Golf is played in over 200 countries and territories and by 66 million people worldwide (The R&A, 2021). Golf can provide health enhancing physical activity (Luscombe et al., 2017), is associated with increased longevity (Farahmand et al., 2009), physical health benefits (Palank & Hargreaves, 1990) and enhanced well-being (Murray, Daines, Archibald, Hawkes, Schiphorst, et al., 2016). Recent research into the impact of golf on cardiovascular, metabolic and musculoskeletal health has led to conflicting findings, with some studies reporting a benefit associated with playing golf and others finding no statistical difference compared to a control group (Sorbie et al., 2022). The sport also provides time in the outdoors, and connection with nature for both players and spectators (Murray, Daines, Archibald, Hawkes, Schiphorst, et al., 2016; Murray et al., 2017). The outdoor nature of golf exposes players and spectators to ultraviolet radiation (UVR). UVR is necessary for stimulating vitamin D production, which in turn is vital for bone health and immune function (Theodoratou et al., 2014).

However, accruing significant exposure to UVR may be associated with the development of life-threatening malignant melanoma as well as non-melanoma skin cancers - basal cell carcinoma (BCC) and squamous cell carcinoma (SCC) (Matthews et al., 2018).

We aim to review the relationships between skin health and golf and consider recommendations for practice. A recent systematic review noted that skin-related health of golfing populations is an important research area (Sorbie et al., 2022). Our scoping review provides an update on this topic, building on reviews (Matthews et al., 2018; Murray et al., 2017), in order to cover recent advances. We also share existing research findings in the form of infographics for the use of participants, golf facilities, golf industry and policy makers.

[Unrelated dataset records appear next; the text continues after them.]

(* For every context $\Theta$, if $\mathrm{fr}(\Theta)=\Omega$ then $\Omega\le\Theta$ in the substitution order, where $\Omega$ is regarded as a context consisting of atomic formulas.
   Context: Formulas are built from atoms ($p,q,\dots$) by a binary product: every formula is an atom or $A\bullet B$. A context is a finite (possibly empty) list of formulas; commas denote concatenation. The frontier $\mathrm{fr}$ is the ordered list of atom occurrences: $\mathrm{fr}(p)=p$, $\mathrm{fr}(A\bullet B)=\mathrm{fr}(A),\mathrm{fr}(B)$, and for a context the concatenation of the frontiers of its formulas. The sequent calculus has exactly four rules (no weakening, contraction or exchange): ($\bullet L$) from $A,B,\Delta\vdash C$ infer $A\bullet B,\Delta\vdash C$ (the product must be leftmost); ($\bullet R$) from $\Gamma\vdash A$ and $\Delta\vdash B$ infer $\Gamma,\Delta\vdash A\bullet B$; ($id$) $A\vdash A$; ($cut$) from $\Theta\vdash A$ and $\Gamma,A,\Delta\vdash B$ infer $\Gamma,\Theta,\Delta\vdash B$; derivable means conclusion of a finite derivation tree with no undischarged premises. The substitution order on contexts is the least relation $\le$ such that (1) $\Gamma\vdash A$ derivable implies $\Gamma\le A$ (one-element context); (2) $\cdot\le\cdot$ for the empty context; (3) $\Gamma_1\le\Gamma_2$ and $\Theta_1\le\Theta_2$ imply $(\Gamma_1,\Theta_1)\le(\Gamma_2,\Theta_2)$. *)

From Stdlib Require Import List.
Import ListNotations.

Definition atom := nat.

Inductive formula : Type :=
| Atom : atom -> formula
| Prod : formula -> formula -> formula.

Definition context := list formula.

Fixpoint fr (A : formula) : list atom :=
  match A with
  | Atom p => [p]
  | Prod A B => fr A ++ fr B
  end.

Definition frc (G : context) : list atom := flat_map fr G.

Inductive derivable : context -> formula -> Prop :=
| d_prodL : forall A B D C,
    derivable (A :: B :: D) C -> derivable (Prod A B :: D) C
| d_prodR : forall G D A B,
    derivable G A -> derivable D B -> derivable (G ++ D) (Prod A B)
| d_id : forall A, derivable [A] A
| d_cut : forall Th A G D B,
    derivable Th A -> derivable (G ++ A :: D) B -> derivable (G ++ Th ++ D) B.

Inductive subst_le : context -> context -> Prop :=
| sl_der : forall G A, derivable G A -> subst_le G [A]
| sl_nil : subst_le [] []
| sl_app : forall G1 G2 T1 T2,
    subst_le G1 G2 -> subst_le T1 T2 -> subst_le (G1 ++ T1) (G2 ++ T2).

Definition atoms_ctx (O : list atom) : context := map Atom O.

(* Every formula is derivable from the atoms of its frontier using only (id)
   and (•R); the substitution order then compares a context with the
   concatenated frontiers of its formulas formula by formula. *)
From Stdlib Require Import List.
Import ListNotations.

Lemma atoms_ctx_app (O1 O2 : list atom) :
  atoms_ctx (O1 ++ O2) = atoms_ctx O1 ++ atoms_ctx O2.
Proof. exact (map_app Atom O1 O2). Qed.

Lemma derivable_fr (A : formula) : derivable (atoms_ctx (fr A)) A.
Proof.
  induction A as [p | A IHA B IHB]; cbn [fr].
  - apply d_id.
  - rewrite atoms_ctx_app. now apply d_prodR.
Qed.

Lemma subst_le_cons (G D : context) (A : formula) (T : context) :
  derivable G A -> subst_le D T -> subst_le (G ++ D) (A :: T).
Proof.
  intros HGA HDT.
  change (A :: T) with ([A] ++ T).
  apply sl_app; [apply sl_der |]; assumption.
Qed.

Theorem proposition2p11 :
  forall (Theta : context) (Omega : list atom),
    frc Theta = Omega -> subst_le (atoms_ctx Omega) Theta.
Proof.
  intros Theta Omega <-.
  induction Theta as [| A Theta IH].
  - exact sl_nil.
  - change (frc (A :: Theta)) with (fr A ++ frc Theta).
    rewrite atoms_ctx_app.
    apply subst_le_cons; [apply derivable_fr | exact IH].
Qed.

Arksey and O’Malley produced a framework to conduct scoping reviews (Arksey & O’Malley, 2005), which was enhanced by Levac et al (Levac et al., 2010), the Joanna Briggs Institute (Peters et al., 2015) and in the golf context by Murray et al (Murray, Daines, Archibald, Hawkes, Grant, et al., 2016). This scoping review builds on these frameworks and reviews.

Stage 1: Identify the research question

Following consultation with methodological, skin health and golf industry experts a broad research question was agreed:

“What is known about the relationships between golf and skin health?”

Stage 2: Identifying relevant studies

Inclusion and exclusion criteria were developed through team discussion:

Inclusion criteria

  • All geographies, age groups and genders of participants.

  • All forms of golf (including playing and spectating).

  • Any skin condition.

  • Studies including primary research studies, secondary research, and academic grey literature including academic sports medicine journal websites, conference proceedings, articles recommended by subject area experts.

  • English language.

Exclusion criteria

  • Papers with no data, case reports, non-academic grey literature, magazine, or newspaper articles.

  • Non-English language.

Search strategies and databases

The search sources chosen for this review were biomedical literature databases, including PubMed, Web of Science, Scopus, Cochrane Library and Ovid, through which Medline and Embase were accessed in July 2022.

The full search strategies employed and number of results prior to applying eligibility criteria are included in Appendix 1. For these databases, “golf” was searched with key word and index terms related to skin cancer (skin, skin neoplasm, melanoma, dermatology, vitamin D, basal cell carcinoma, squamous cell carcinoma) and UVR (ultraviolet ray, sunlight, sun protection factor) to maximise inclusivity.

Regarding grey literature, Google “advanced search” was utilised to search for relevant articles from the global organisations responsible for golf development that have academic operations (World Golf Foundation, The R&A) and the blog posts on leading academic sports medicine journal websites (The British Journal of Sports Medicine, The American College of Sports Medicine), whilst subject area experts were asked to provide any relevant articles.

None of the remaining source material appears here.